== Segment start ==
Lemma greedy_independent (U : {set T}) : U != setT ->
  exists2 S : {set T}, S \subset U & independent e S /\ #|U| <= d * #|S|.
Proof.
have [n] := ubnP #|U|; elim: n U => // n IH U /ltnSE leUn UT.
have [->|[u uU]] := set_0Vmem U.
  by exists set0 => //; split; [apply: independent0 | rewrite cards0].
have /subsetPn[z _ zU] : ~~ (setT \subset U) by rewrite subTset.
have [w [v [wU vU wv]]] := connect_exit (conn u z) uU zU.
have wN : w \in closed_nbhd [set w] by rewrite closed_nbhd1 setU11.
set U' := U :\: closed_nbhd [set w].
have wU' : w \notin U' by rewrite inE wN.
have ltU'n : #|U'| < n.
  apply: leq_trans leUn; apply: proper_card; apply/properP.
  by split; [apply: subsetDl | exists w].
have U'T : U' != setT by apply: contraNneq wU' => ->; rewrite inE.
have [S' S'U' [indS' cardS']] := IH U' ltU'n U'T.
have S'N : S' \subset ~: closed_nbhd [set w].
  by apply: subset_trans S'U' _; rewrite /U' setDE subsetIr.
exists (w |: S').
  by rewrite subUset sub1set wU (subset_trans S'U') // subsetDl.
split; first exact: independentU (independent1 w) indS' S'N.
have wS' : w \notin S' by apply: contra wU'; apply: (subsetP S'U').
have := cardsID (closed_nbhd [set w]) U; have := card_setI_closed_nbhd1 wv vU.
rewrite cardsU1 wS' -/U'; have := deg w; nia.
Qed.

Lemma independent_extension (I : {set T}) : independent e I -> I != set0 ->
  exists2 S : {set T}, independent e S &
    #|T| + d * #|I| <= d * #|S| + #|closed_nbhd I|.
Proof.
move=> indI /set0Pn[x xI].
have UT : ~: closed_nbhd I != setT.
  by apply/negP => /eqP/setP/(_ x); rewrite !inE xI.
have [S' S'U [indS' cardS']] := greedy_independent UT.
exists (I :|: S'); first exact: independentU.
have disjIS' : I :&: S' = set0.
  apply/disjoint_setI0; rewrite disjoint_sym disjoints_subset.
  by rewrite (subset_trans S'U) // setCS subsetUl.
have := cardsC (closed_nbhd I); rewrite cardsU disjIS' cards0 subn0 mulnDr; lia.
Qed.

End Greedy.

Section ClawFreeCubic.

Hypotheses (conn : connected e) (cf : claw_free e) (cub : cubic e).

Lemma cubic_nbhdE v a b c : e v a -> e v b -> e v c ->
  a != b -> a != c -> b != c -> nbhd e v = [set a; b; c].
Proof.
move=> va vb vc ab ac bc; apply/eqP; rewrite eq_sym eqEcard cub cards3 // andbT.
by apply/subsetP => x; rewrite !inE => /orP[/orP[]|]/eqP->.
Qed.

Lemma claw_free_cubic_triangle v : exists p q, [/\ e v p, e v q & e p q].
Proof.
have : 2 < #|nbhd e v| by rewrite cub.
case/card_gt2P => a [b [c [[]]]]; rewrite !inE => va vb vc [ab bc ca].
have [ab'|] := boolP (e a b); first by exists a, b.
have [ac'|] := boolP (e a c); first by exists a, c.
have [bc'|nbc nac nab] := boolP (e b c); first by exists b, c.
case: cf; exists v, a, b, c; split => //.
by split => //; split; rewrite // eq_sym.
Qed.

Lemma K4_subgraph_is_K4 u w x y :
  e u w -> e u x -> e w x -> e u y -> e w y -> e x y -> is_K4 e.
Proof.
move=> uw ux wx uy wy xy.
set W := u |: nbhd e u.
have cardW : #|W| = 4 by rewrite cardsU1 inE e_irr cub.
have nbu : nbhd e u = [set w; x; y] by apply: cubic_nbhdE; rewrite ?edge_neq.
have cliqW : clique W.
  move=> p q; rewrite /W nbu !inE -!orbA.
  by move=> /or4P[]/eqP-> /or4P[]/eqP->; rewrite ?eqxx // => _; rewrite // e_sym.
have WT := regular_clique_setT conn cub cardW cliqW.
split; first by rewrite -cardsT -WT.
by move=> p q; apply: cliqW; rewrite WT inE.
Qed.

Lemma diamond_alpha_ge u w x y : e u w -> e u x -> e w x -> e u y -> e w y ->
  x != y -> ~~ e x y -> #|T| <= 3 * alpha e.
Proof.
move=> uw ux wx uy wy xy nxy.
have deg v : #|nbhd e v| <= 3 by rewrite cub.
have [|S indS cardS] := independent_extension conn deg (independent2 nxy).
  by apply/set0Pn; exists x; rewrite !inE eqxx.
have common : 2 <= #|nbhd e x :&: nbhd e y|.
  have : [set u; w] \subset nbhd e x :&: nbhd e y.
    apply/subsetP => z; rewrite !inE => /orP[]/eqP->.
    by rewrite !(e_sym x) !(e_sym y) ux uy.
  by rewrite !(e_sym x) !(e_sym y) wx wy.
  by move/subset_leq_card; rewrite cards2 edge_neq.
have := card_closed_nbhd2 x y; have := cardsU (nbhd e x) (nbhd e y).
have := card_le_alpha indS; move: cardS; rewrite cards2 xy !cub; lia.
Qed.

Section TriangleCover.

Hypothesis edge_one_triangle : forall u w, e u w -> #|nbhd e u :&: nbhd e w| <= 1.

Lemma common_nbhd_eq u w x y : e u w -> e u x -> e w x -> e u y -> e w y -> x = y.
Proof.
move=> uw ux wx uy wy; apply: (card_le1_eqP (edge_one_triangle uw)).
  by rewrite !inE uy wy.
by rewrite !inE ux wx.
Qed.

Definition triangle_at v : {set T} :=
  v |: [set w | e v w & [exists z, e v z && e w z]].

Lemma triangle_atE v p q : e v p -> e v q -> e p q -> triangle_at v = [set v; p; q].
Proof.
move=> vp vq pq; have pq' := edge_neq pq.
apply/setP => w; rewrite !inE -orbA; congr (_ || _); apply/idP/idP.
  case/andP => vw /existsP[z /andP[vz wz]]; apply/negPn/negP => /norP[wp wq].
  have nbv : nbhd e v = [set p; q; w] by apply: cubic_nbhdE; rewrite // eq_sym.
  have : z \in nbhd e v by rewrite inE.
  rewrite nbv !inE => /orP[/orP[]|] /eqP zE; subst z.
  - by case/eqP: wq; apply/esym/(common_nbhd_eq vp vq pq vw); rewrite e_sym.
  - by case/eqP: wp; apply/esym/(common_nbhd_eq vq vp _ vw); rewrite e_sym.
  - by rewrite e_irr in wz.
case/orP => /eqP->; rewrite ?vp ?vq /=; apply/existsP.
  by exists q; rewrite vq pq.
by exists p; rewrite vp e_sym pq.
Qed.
== Segment end ==
WHAT YOU SHOULD DO ▸ Copy the material above, line for line.

SOLUTION TO THIS TASK ▸
Lemma greedy_independent (U : {set T}) : U != setT ->
  exists2 S : {set T}, S \subset U & independent e S /\ #|U| <= d * #|S|.
Proof.
have [n] := ubnP #|U|; elim: n U => // n IH U /ltnSE leUn UT.
have [->|[u uU]] := set_0Vmem U.
  by exists set0 => //; split; [apply: independent0 | rewrite cards0].
have /subsetPn[z _ zU] : ~~ (setT \subset U) by rewrite subTset.
have [w [v [wU vU wv]]] := connect_exit (conn u z) uU zU.
have wN : w \in closed_nbhd [set w] by rewrite closed_nbhd1 setU11.
set U' := U :\: closed_nbhd [set w].
have wU' : w \notin U' by rewrite inE wN.
have ltU'n : #|U'| < n.
  apply: leq_trans leUn; apply: proper_card; apply/properP.
  by split; [apply: subsetDl | exists w].
have U'T : U' != setT by apply: contraNneq wU' => ->; rewrite inE.
have [S' S'U' [indS' cardS']] := IH U' ltU'n U'T.
have S'N : S' \subset ~: closed_nbhd [set w].
  by apply: subset_trans S'U' _; rewrite /U' setDE subsetIr.
exists (w |: S').
  by rewrite subUset sub1set wU (subset_trans S'U') // subsetDl.
split; first exact: independentU (independent1 w) indS' S'N.
have wS' : w \notin S' by apply: contra wU'; apply: (subsetP S'U').
have := cardsID (closed_nbhd [set w]) U; have := card_setI_closed_nbhd1 wv vU.
rewrite cardsU1 wS' -/U'; have := deg w; nia.
Qed.

Lemma independent_extension (I : {set T}) : independent e I -> I != set0 ->
  exists2 S : {set T}, independent e S &
    #|T| + d * #|I| <= d * #|S| + #|closed_nbhd I|.
Proof.
move=> indI /set0Pn[x xI].
have UT : ~: closed_nbhd I != setT.
  by apply/negP => /eqP/setP/(_ x); rewrite !inE xI.
have [S' S'U [indS' cardS']] := greedy_independent UT.
exists (I :|: S'); first exact: independentU.
have disjIS' : I :&: S' = set0.
  apply/disjoint_setI0; rewrite disjoint_sym disjoints_subset.
  by rewrite (subset_trans S'U) // setCS subsetUl.
have := cardsC (closed_nbhd I); rewrite cardsU disjIS' cards0 subn0 mulnDr; lia.
Qed.

End Greedy.

Section ClawFreeCubic.

Hypotheses (conn : connected e) (cf : claw_free e) (cub : cubic e).

Lemma cubic_nbhdE v a b c : e v a -> e v b -> e v c ->
  a != b -> a != c -> b != c -> nbhd e v = [set a; b; c].
Proof.
move=> va vb vc ab ac bc; apply/eqP; rewrite eq_sym eqEcard cub cards3 // andbT.
by apply/subsetP => x; rewrite !inE => /orP[/orP[]|]/eqP->.
Qed.

Lemma claw_free_cubic_triangle v : exists p q, [/\ e v p, e v q & e p q].
Proof.
have : 2 < #|nbhd e v| by rewrite cub.
case/card_gt2P => a [b [c [[]]]]; rewrite !inE => va vb vc [ab bc ca].
have [ab'|] := boolP (e a b); first by exists a, b.
have [ac'|] := boolP (e a c); first by exists a, c.
have [bc'|nbc nac nab] := boolP (e b c); first by exists b, c.
case: cf; exists v, a, b, c; split => //.
by split => //; split; rewrite // eq_sym.
Qed.

Lemma K4_subgraph_is_K4 u w x y :
  e u w -> e u x -> e w x -> e u y -> e w y -> e x y -> is_K4 e.
Proof.
move=> uw ux wx uy wy xy.
set W := u |: nbhd e u.
have cardW : #|W| = 4 by rewrite cardsU1 inE e_irr cub.
have nbu : nbhd e u = [set w; x; y] by apply: cubic_nbhdE; rewrite ?edge_neq.
have cliqW : clique W.
  move=> p q; rewrite /W nbu !inE -!orbA.
  by move=> /or4P[]/eqP-> /or4P[]/eqP->; rewrite ?eqxx // => _; rewrite // e_sym.
have WT := regular_clique_setT conn cub cardW cliqW.
split; first by rewrite -cardsT -WT.
by move=> p q; apply: cliqW; rewrite WT inE.
Qed.

Lemma diamond_alpha_ge u w x y : e u w -> e u x -> e w x -> e u y -> e w y ->
  x != y -> ~~ e x y -> #|T| <= 3 * alpha e.
Proof.
move=> uw ux wx uy wy xy nxy.
have deg v : #|nbhd e v| <= 3 by rewrite cub.
have [|S indS cardS] := independent_extension conn deg (independent2 nxy).
  by apply/set0Pn; exists x; rewrite !inE eqxx.
have common : 2 <= #|nbhd e x :&: nbhd e y|.
  have : [set u; w] \subset nbhd e x :&: nbhd e y.
    apply/subsetP => z; rewrite !inE => /orP[]/eqP->.
    by rewrite !(e_sym x) !(e_sym y) ux uy.
  by rewrite !(e_sym x) !(e_sym y) wx wy.
  by move/subset_leq_card; rewrite cards2 edge_neq.
have := card_closed_nbhd2 x y; have := cardsU (nbhd e x) (nbhd e y).
have := card_le_alpha indS; move: cardS; rewrite cards2 xy !cub; lia.
Qed.

Section TriangleCover.

Hypothesis edge_one_triangle : forall u w, e u w -> #|nbhd e u :&: nbhd e w| <= 1.

Lemma common_nbhd_eq u w x y : e u w -> e u x -> e w x -> e u y -> e w y -> x = y.
Proof.
move=> uw ux wx uy wy; apply: (card_le1_eqP (edge_one_triangle uw)).
  by rewrite !inE uy wy.
by rewrite !inE ux wx.
Qed.

Definition triangle_at v : {set T} :=
  v |: [set w | e v w & [exists z, e v z && e w z]].

Lemma triangle_atE v p q : e v p -> e v q -> e p q -> triangle_at v = [set v; p; q].
Proof.
move=> vp vq pq; have pq' := edge_neq pq.
apply/setP => w; rewrite !inE -orbA; congr (_ || _); apply/idP/idP.
  case/andP => vw /existsP[z /andP[vz wz]]; apply/negPn/negP => /norP[wp wq].
  have nbv : nbhd e v = [set p; q; w] by apply: cubic_nbhdE; rewrite // eq_sym.
  have : z \in nbhd e v by rewrite inE.
  rewrite nbv !inE => /orP[/orP[]|] /eqP zE; subst z.
  - by case/eqP: wq; apply/esym/(common_nbhd_eq vp vq pq vw); rewrite e_sym.
  - by case/eqP: wp; apply/esym/(common_nbhd_eq vq vp _ vw); rewrite e_sym.
  - by rewrite e_irr in wz.
case/orP => /eqP->; rewrite ?vp ?vq /=; apply/existsP.
  by exists q; rewrite vq pq.
by exists p; rewrite vp e_sym pq.
Qed.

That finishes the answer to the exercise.